Fixpoint keep_first (acc s : seq (seq bool * seq nat)) : seq (seq bool * seq nat) :=
  match s with
  | [::] => rev acc
  | x :: s' => if x.1 \in map fst acc then keep_first acc s'
               else keep_first (x :: acc) s'
  end.

Definition opI (D : seq nat) (T : table) : table :=
  if all (fun c => c \in D) (cols T) then Lambda else
  let keep := [seq j <- iota 0 (size (cols T)) | nth 0 (cols T) j \notin D] in
  let proj (r : seq bool * seq nat) := ([seq nth false r.1 j | j <- keep], r.2) in
  Table [seq c <- cols T | c \notin D] (keep_first [::] (map proj (rows T))).

Definition opJ (nu : seq bool -> seq nat) (T : table) : table :=
  Table (cols T) [seq (r.1, nu r.1) | r <- rows T].

Definition in_closure (T' T : table) : Prop :=
  exists (D : seq nat) (nu : seq bool -> seq nat),
    {subset D <= cols T} /\
    (forall x : seq bool, size x = size [seq c <- cols T | c \notin D] ->
        valid_dset (nu x)) /\
    T' = opJ nu (opI D T).

Definition closed_class (A : table -> Prop) : Prop :=
  (forall T, A T -> wf_table T) /\
  (forall T', A T' <-> exists T, A T /\ in_closure T' T).

Definition nontrivial (A : table -> Prop) : Prop :=
  exists T, A T /\ rows T <> [::].

(* A non-root node: a terminal node labelled with a decision, or a node
   labelled with an attribute whose outgoing edges are labelled by E_2. *)
Inductive dtree := Leaf of nat | Node of nat & seq (bool * dtree).

(* A 2-decision tree: the unlabelled root with its (unlabelled) outgoing
   edges to the subtrees in the list. *)
Definition rtree := seq dtree.

Fixpoint wf_dtree (t : dtree) : bool :=
  match t with
  | Leaf _ => true
  | Node _ ch => (0 < size ch) && all (fun p => wf_dtree p.2) ch
  end.

Definition wf_rtree (G : rtree) : bool := (0 < size G) && all wf_dtree G.

Fixpoint attrs (t : dtree) : seq nat :=
  match t with
  | Leaf _ => [::]
  | Node f ch => f :: flatten [seq attrs p.2 | p <- ch]
  end.

Definition At_tree (G : rtree) : seq nat := flatten (map attrs G).

(* complete paths from a node: (word pi, decision at the terminal node) *)
Fixpoint paths (t : dtree) : seq (word * nat) :=
  match t with
  | Leaf d => [:: ([::], d)]
  | Node f ch =>
      flatten [seq [seq ((f, p.1) :: q.1, q.2) | q <- paths p.2] | p <- ch]
  end.

Definition all_paths (G : rtree) : seq (word * nat) := flatten (map paths G).

Fixpoint det_dtree (t : dtree) : bool :=
  match t with
  | Leaf _ => true
  | Node _ ch => uniq (map fst ch) && all (fun p => det_dtree p.2) ch
  end.

Definition det_rtree (G : rtree) : bool := (size G == 1) && all det_dtree G.

Definition ndtree_for (T : table) (G : rtree) : Prop :=
  wf_rtree G /\
  {subset At_tree G <= cols T} /\
  (forall r, r \in rows T ->
     exists2 p, p \in all_paths G & r \in rows (sub T p.1)) /\
  (forall p, p \in all_paths G ->
     rows (sub T p.1) = [::] \/ in_Pi (sub T p.1) p.2).

Definition dtree_for (T : table) (G : rtree) : Prop :=
  ndtree_for T G /\ det_rtree G.

Definition partially_bounded_measure (psi : seq nat -> nat) : Prop :=
  (forall a, psi a = 0 <-> a = [::]) /\
  (forall a b, perm_eq a b -> psi a = psi b) /\
  (forall a b, psi a <= psi (a ++ b)) /\
  (forall a b, psi (a ++ b) <= psi a + psi b).

Definition bounded_measure (psi : seq nat -> nat) : Prop :=
  partially_bounded_measure psi /\ (forall a, size a <= psi a).

Definition psiw (psi : seq nat -> nat) (a : word) : nat := psi (map fst a).

Definition psi_tree (psi : seq nat -> nat) (G : rtree) : nat :=
  \max_(p <- all_paths G) psiw psi p.1.

Definition psi_d_is (psi : seq nat -> nat) (T : table) (m : nat) : Prop :=
  if rows T == [::] then m = 0 else
  (exists G, dtree_for T G /\ psi_tree psi G = m) /\
  (forall G, dtree_for T G -> m <= psi_tree psi G).

Definition psi_a_is (psi : seq nat -> nat) (T : table) (m : nat) : Prop :=
  if rows T == [::] then m = 0 else
  (exists G, ndtree_for T G /\ psi_tree psi G = m) /\
  (forall G, ndtree_for T G -> m <= psi_tree psi G).

Definition m_psi (psi : seq nat -> nat) (T : table) : nat :=
  \max_(f <- cols T) psi [:: f].

Definition annihilating (T : table) (a : word) : Prop :=
  in_Omega T a /\ rows (sub T a) = [::] /\
  (forall f d s, (f, d) \in a -> (f, s) \in a -> d = s).

Definition irreducible_ann (T : table) (a : word) : Prop :=
  annihilating T a /\
  (forall b, subseq b a -> size b < size a -> ~ annihilating T b).

Definition G_is (T : table) (g : nat) : Prop :=
  if rows T == [::] then g = 0 else
  ((exists a, irreducible_ann T a /\ size a = g) /\
     (forall a, irreducible_ann T a -> size a <= g)) \/
  ((forall a, ~ irreducible_ann T a) /\ g = 0).

(* Let [a] be an irreducible annihilating word of [T] of length [g = G(T)].
   Delete all columns outside [a] and relabel each row by the set of positions
   at which it disagrees with [a]; this set is nonempty because [a] annihilates
   [T].  Testing the letters of [a] one at a time against the opposite value
   gives a nondeterministic tree all of whose paths query a single attribute,
   so [psi^a <= m_psi(T) <= n].  By irreducibility, for each position [j] some
   row disagrees with [a] exactly at [j], and these [g] rows have pairwise
   disjoint decision sets.  A deterministic tree must separate them; along the
   path that answers every query as [a] does, each query splits off at most one
   of them, so this path has length at least [g - 1], and [psi] bounds length. *)

From mathcomp Require Import all_boot.
From Stdlib Require Import Classical.
From Stdlib Require List Wf_nat.

Set Implicit Arguments.
Unset Strict Implicit.
Unset Printing Implicit Defensive.

Lemma mem_keep_first acc s x :
  x \in keep_first acc s -> (x \in acc) || (x \in s).
Proof.
elim: s acc => [|y s IHs] acc /=; first by rewrite mem_rev => ->.
case: ifP => _ /IHs; rewrite ?in_cons; first by case/orP=> ->; rewrite ?orbT.
by case/orP=> [/orP[]|] ->; rewrite ?orbT.
Qed.

Lemma keep_first_cover acc s (y : seq bool * seq nat) :
  (exists2 w, w \in acc & w.1 = y.1) \/ y \in s ->
  exists2 x, x \in keep_first acc s & x.1 = y.1.
Proof.
elim: s acc => [|z s IHs] acc /=.
  by case=> // -[w w_acc Ewy]; exists w; rewrite ?mem_rev.
have [/mapP[w w_acc Ezw]|_] := ifP; case=> [acc_y|]; rewrite ?in_cons.
- exact: IHs (or_introl acc_y).
- case/orP=> [/eqP Eyz|y_s]; last exact: IHs (or_intror y_s).
  by apply: IHs; left; exists w; rewrite // Eyz.
- case: acc_y => w w_acc Ewy; apply: IHs; left.
  by exists w; rewrite ?in_cons ?w_acc ?orbT.
- case/orP=> [/eqP Eyz|y_s]; last exact: IHs (or_intror y_s).
  by apply: IHs; left; exists z; rewrite ?in_cons ?eqxx ?Eyz.
Qed.

Section Projection.
Variables (P : pred nat) (c : seq nat) (v : seq bool).
Hypothesis size_v : size v = size c.

Lemma project_zip :
  [seq nth false v j | j <- [seq j <- iota 0 (size c) | P (nth 0 c j)]] =
  [seq p.2 | p <- zip c v & P p.1].
Proof.
have -> : zip c v = [seq (nth 0 c j, nth false v j) | j <- iota 0 (size c)].
  apply: (@eq_from_nth _ (0, false)) => [|i].
    by rewrite size_zip size_map size_iota size_v minnn.
  rewrite size_zip size_v minnn => lt_ic.
  by rewrite nth_zip ?size_v // (nth_map 0) ?size_iota // nth_iota.
by rewrite filter_map -!map_comp.
Qed.

Lemma filter_zip : [seq x <- c | P x] = [seq p.1 | p <- zip c v & P p.1].
Proof. by rewrite -filter_map -/(unzip1 _) unzip1_zip // size_v. Qed.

ABOUT THIS TASK — For each line of the entries that includes "Import", show that line.

RESPONSE TO THE TASK —
From mathcomp Require Import all_boot.
From Stdlib Require Import Classical.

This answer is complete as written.